I can't explain why the memory usage of smbd seems to get way out of hand to the point of bringing down the Pi/NAS, especially again since it only seems to happen when backing up from the NVMe. Unless it's a speed issue, and when I'm backing up a SATA SSD or copying files from a mechanical drive it's just not fast enough to cause smbd to eat all the available RAM.
Any advice on what might be happening? Is there any way to throttle the transfer on the Clonezilla side, if it is a speed issue - such as forcing 100mbps Ethernet, or other controls? Or are there any settings on the Samba side to restrict memory usage. I've seen notes on the "write cache size" parameter, but this is not in use on my server.
Any assistance will be greatly appreciated.
If you would like to refer to this comment somewhere else in this project, copy and paste the following link:
Mm... Since you are talking about NVMe and RAM, maybe you can try to enter expert mode, and enable "-edio" to enable the direct IO. Not sure if this will ease this issue you encountered or not... Just a quick idea though.
If you would like to refer to this comment somewhere else in this project, copy and paste the following link:
Yes, that is the setting I was referring to when I mentioned with and without direct IO enabled. I couldn't remember the exact text of the setting.
The behavior is essentially the same for both. With it enabled, it starts at about 13 GB/min, but then slowly tapers off until it gets down to 0 and stops - about 7% or so into the backup of that partition.
If I disable that setting, the only difference is it only starts at around 10 GB/min, but then also slowly tapers off until it gets down to 0 GB/min - also around the 7% mark.
If you would like to refer to this comment somewhere else in this project, copy and paste the following link:
I should be able to try that during the week at some point. I don't believe the other two devices I have handy have enough storage for the full backup, but as long as it lets me start it I can see if the behavior is the same.
Or worst case I can temporarily move the USB drive over to one of the other devices, that shouldn't be too difficult for a short-term test.
I was hoping someone else may have already had the same issue and could chime in - but I don't mind doing the additional testing either.
If you would like to refer to this comment somewhere else in this project, copy and paste the following link:
I can try to set up NFS and see how it does, if it's not too involved.
I did try to use SSH before, but since there is also encyption in transit, it is very CPU intensive on the recieving end, and the transfer speed gets bottlenecked significantly buy the Pi's CPU.
If you would like to refer to this comment somewhere else in this project, copy and paste the following link:
I looked into NFS and it's not one I'd be interested in setting up.
I may give SSH a try again.
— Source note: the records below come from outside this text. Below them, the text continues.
Lemma norm2_le_sum k (x : 'cV[R]_k) : norm2 x <= \sum_i `|x i 0|.
Proof.
have [x0|xn0] := eqVneq (norm2 x) 0; first by rewrite x0 sumr_ge0.
have x_gt0 : 0 < norm2 x by rewrite lt0r xn0 norm2_ge0.
rewrite -(ler_pM2r x_gt0) -expr2 norm2_sq dotE mulr_suml.
apply: ler_sum => i _; apply: le_trans (ler_norm _) _.
by rewrite normrM ler_wpM2l ?entry_le_norm2.
Qed.

Lemma mx_norm_le_norm2 k (x : 'cV[R]_k) : `|x| <= norm2 x.
Proof.
rewrite [leLHS]/Num.Def.normr /= mx_normrE; apply: bigmax_le => [|[i j] _ /=].
  exact: norm2_ge0.
by rewrite (ord1 j) entry_le_norm2.
Qed.

Lemma norm2_continuous k : continuous (@norm2 R k).
Proof.
have sq_entry i : continuous (fun x : 'cV[R]_k => x i 0 ^+ 2).
  by move=> x; exact: (continuous_comp (@coord_continuous R k 1 i 0 x) (@exprn_continuous R 2 _)).
have sum_sq : continuous (fun x : 'cV[R]_k => \sum_i x i 0 ^+ 2).
  by apply: continuous_big; [exact: add_continuous | move=> i _; exact: sq_entry].
by move=> x; exact: (continuous_comp (sum_sq x) (@sqrt_continuous R _)).
Qed.

Lemma opnorm_has_sup k l (M : 'M[R]_(k, l)) :
  has_sup [set norm2 (M *m x) | x in [set x : 'cV[R]_l | norm2 x <= 1]].
Proof.
split; first by exists (norm2 (M *m 0)), 0 => //=; rewrite norm2_0.
exists (\sum_i norm2 (row i M)^T) => _ [x /= x_le1 <-].
apply: le_trans (norm2_le_sum _) _; apply: ler_sum => i _.
have -> : (M *m x) i 0 = dot (row i M)^T x by rewrite /dot trmxK -row_mul [RHS]mxE.
apply: le_trans (normr_dot_le _ _) _.
by rewrite ler_piMr ?norm2_ge0.
Qed.

Lemma ler_opnorm k l (M : 'M[R]_(k, l)) x : norm2 (M *m x) <= opnorm M * norm2 x.
Proof.
have [x0|xn0] := eqVneq (norm2 x) 0.
  by rewrite x0 (norm2_eq0 x0) mulmx0 mulr0 norm2_0.
have x_gt0 : 0 < norm2 x by rewrite lt0r xn0 norm2_ge0.
have unit_x : norm2 ((norm2 x)^-1 *: x) <= 1.
  by rewrite norm2Z ger0_norm ?invr_ge0 ?norm2_ge0 // mulVf.
have := sup_upper_bound (opnorm_has_sup M) (ex_intro2 (fun y => norm2 y <= 1) _ _ unit_x erefl).
rewrite -scalemxAr norm2Z ger0_norm ?invr_ge0 ?norm2_ge0 // mulrC.
by rewrite -ler_pdivrMr.
Qed.

Lemma opnorm_ge0 k l (M : 'M[R]_(k, l)) : 0 <= opnorm M.
Proof.
have zero_in : [set norm2 (M *m x) | x in [set x | norm2 x <= 1]] 0.
  by exists 0; rewrite /= ?mulmx0 norm2_0.
exact: (sup_upper_bound (opnorm_has_sup M) zero_in).
Qed.

Lemma ler_opnorm_tr k l (M : 'M[R]_(k, l)) y : norm2 (M^T *m y) <= opnorm M * norm2 y.
Proof.
set g := M^T *m y.
have [g0|gn0] := eqVneq (norm2 g) 0; first by rewrite g0 mulr_ge0 ?opnorm_ge0 ?norm2_ge0.
have g_gt0 : 0 < norm2 g by rewrite lt0r gn0 norm2_ge0.
rewrite -(ler_pM2r g_gt0) -expr2 norm2_sq {1}/g -dot_mulmx.
apply: le_trans (dot_le_norm2 _ _) _; rewrite mulrAC ler_wpM2r ?norm2_ge0 //.
exact: ler_opnorm.
Qed.

End Euclidean.

Section Convergence.
Variables (R : realType) (T : Type) (F : set_system T).
Context {FF : Filter F}.

Lemma cvg_norm2P k (f : T -> 'cV[R]_k) (l : 'cV[R]_k) :
  f @ F --> l <-> norm2 (f x - l) @[x --> F] --> 0.
Proof.
split=> [fl | /cvgr0Pnorm_lt fl].
  rewrite -(norm2_0 R k) -(subrr l).
  exact: (@continuous_cvg _ _ _ F FF (fun x => f x - l) (@norm2 R k) (l - l)
    (@norm2_continuous R k _) (cvgB fl (cvg_cst l))).
apply/cvgrPdist_lt => e e0; near=> x.
rewrite -normrN opprB; apply: le_lt_trans (mx_norm_le_norm2 _) _.
by apply: le_lt_trans (ler_norm _) _; near: x; exact: fl.
Unshelve. all: by end_near. Qed.

Lemma cvg_norm2_lt k (f : T -> 'cV[R]_k) (l : 'cV[R]_k) :
  f @ F --> l -> forall e, 0 < e -> \forall x \near F, norm2 (f x - l) < e.
Proof. by move=> /cvg_norm2P fl e e_gt0; exact: cvgr_lt _ fl _ e_gt0. Qed.

Lemma cvg_norm2 k (f : T -> 'cV[R]_k) l : f @ F --> l -> norm2 (f x) @[x --> F] --> norm2 l.
Proof. exact: (@continuous_cvg _ _ _ F FF f (@norm2 R k) l (@norm2_continuous R k l)). Qed.

Lemma cvg_col k (f : T -> 'cV[R]_k) (l : 'cV[R]_k) :
  (forall i, f x i 0 @[x --> F] --> l i 0) -> f @ F --> l.
Proof.
move=> fl; apply/cvg_norm2P.
apply: (squeeze_cvgr (f := cst 0) (h := fun x => \sum_i `|f x i 0 - l i 0|)).
- near=> x; rewrite norm2_ge0 /=; apply: le_trans (norm2_le_sum _) _.
  by apply: ler_sum => i _; rewrite !mxE.
- exact: cvg_cst.
- have sum_cvg : \sum_i `|f x i 0 - l i 0| @[x --> F] --> \sum_(i < k) `|l i 0 - l i 0|.
    apply: (@cvg_big _ _ +%R 0 predT add_continuous _ F _ _ _ FF) => i _.
    exact: cvg_norm (cvgB (fl i) (cvg_cst (l i 0))).
  by rewrite big1 in sum_cvg => // i _; rewrite subrr normr0.
Unshelve. all: by end_near. Qed.

Lemma cvg_entry k (f : T -> 'cV[R]_k) (l : 'cV[R]_k) i :
  f @ F --> l -> f x i 0 @[x --> F] --> l i 0.
Proof. exact: (@continuous_cvg _ _ _ F FF f _ l (@coord_continuous R k 1 i 0 l)). Qed.

Lemma cvg_mulmx k n (M : 'M[R]_(n, k)) (f : T -> 'cV[R]_k) (l : 'cV[R]_k) :
  f @ F --> l -> M *m f x @[x --> F] --> M *m l.
Proof.
move=> /cvg_norm2P fl; apply/cvg_norm2P.
apply: (squeeze_cvgr (f := cst 0) (h := fun x => opnorm M * norm2 (f x - l))).
- by near=> x; rewrite norm2_ge0 /= -mulmxBr ler_opnorm.
- exact: cvg_cst.
- by rewrite -(mulr0 (opnorm M)); apply: cvgM fl; exact: cvg_cst.
Unshelve. all: by end_near. Qed.

Lemma cvg_min (f h : T -> R) a c : f @ F --> a -> h @ F --> c ->
  Num.min (f x) (h x) @[x --> F] --> Num.min a c.
Proof.
move=> fa hc; apply: (continuous2_cvg FF (h := fun s t => Num.min s t)) fa hc.
exact: (@min_continuous _ R (_, _)).
Qed.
I may need to see if I want to add a private key to the SquashFS, I sometimes boot from USB and sometimes from PXE. I remember it's slow, but I don't remember how slow. Maybe it's bearable if that's the option that works.
I did just replace that NVMe with a 4TB unit. So far doing the restore over Samba has not had any issues. So, I do imagine it had something to do with how fast the writing was occurring. The data was being read from NVMe, sent over gigabit Ethernet, but then landing on a mechanical disk over USB on the server side of Samba. So I'm assuming Samba was write caching even though it's not configured to do so, and the cache grew too large. Seems like a Samba issue to me.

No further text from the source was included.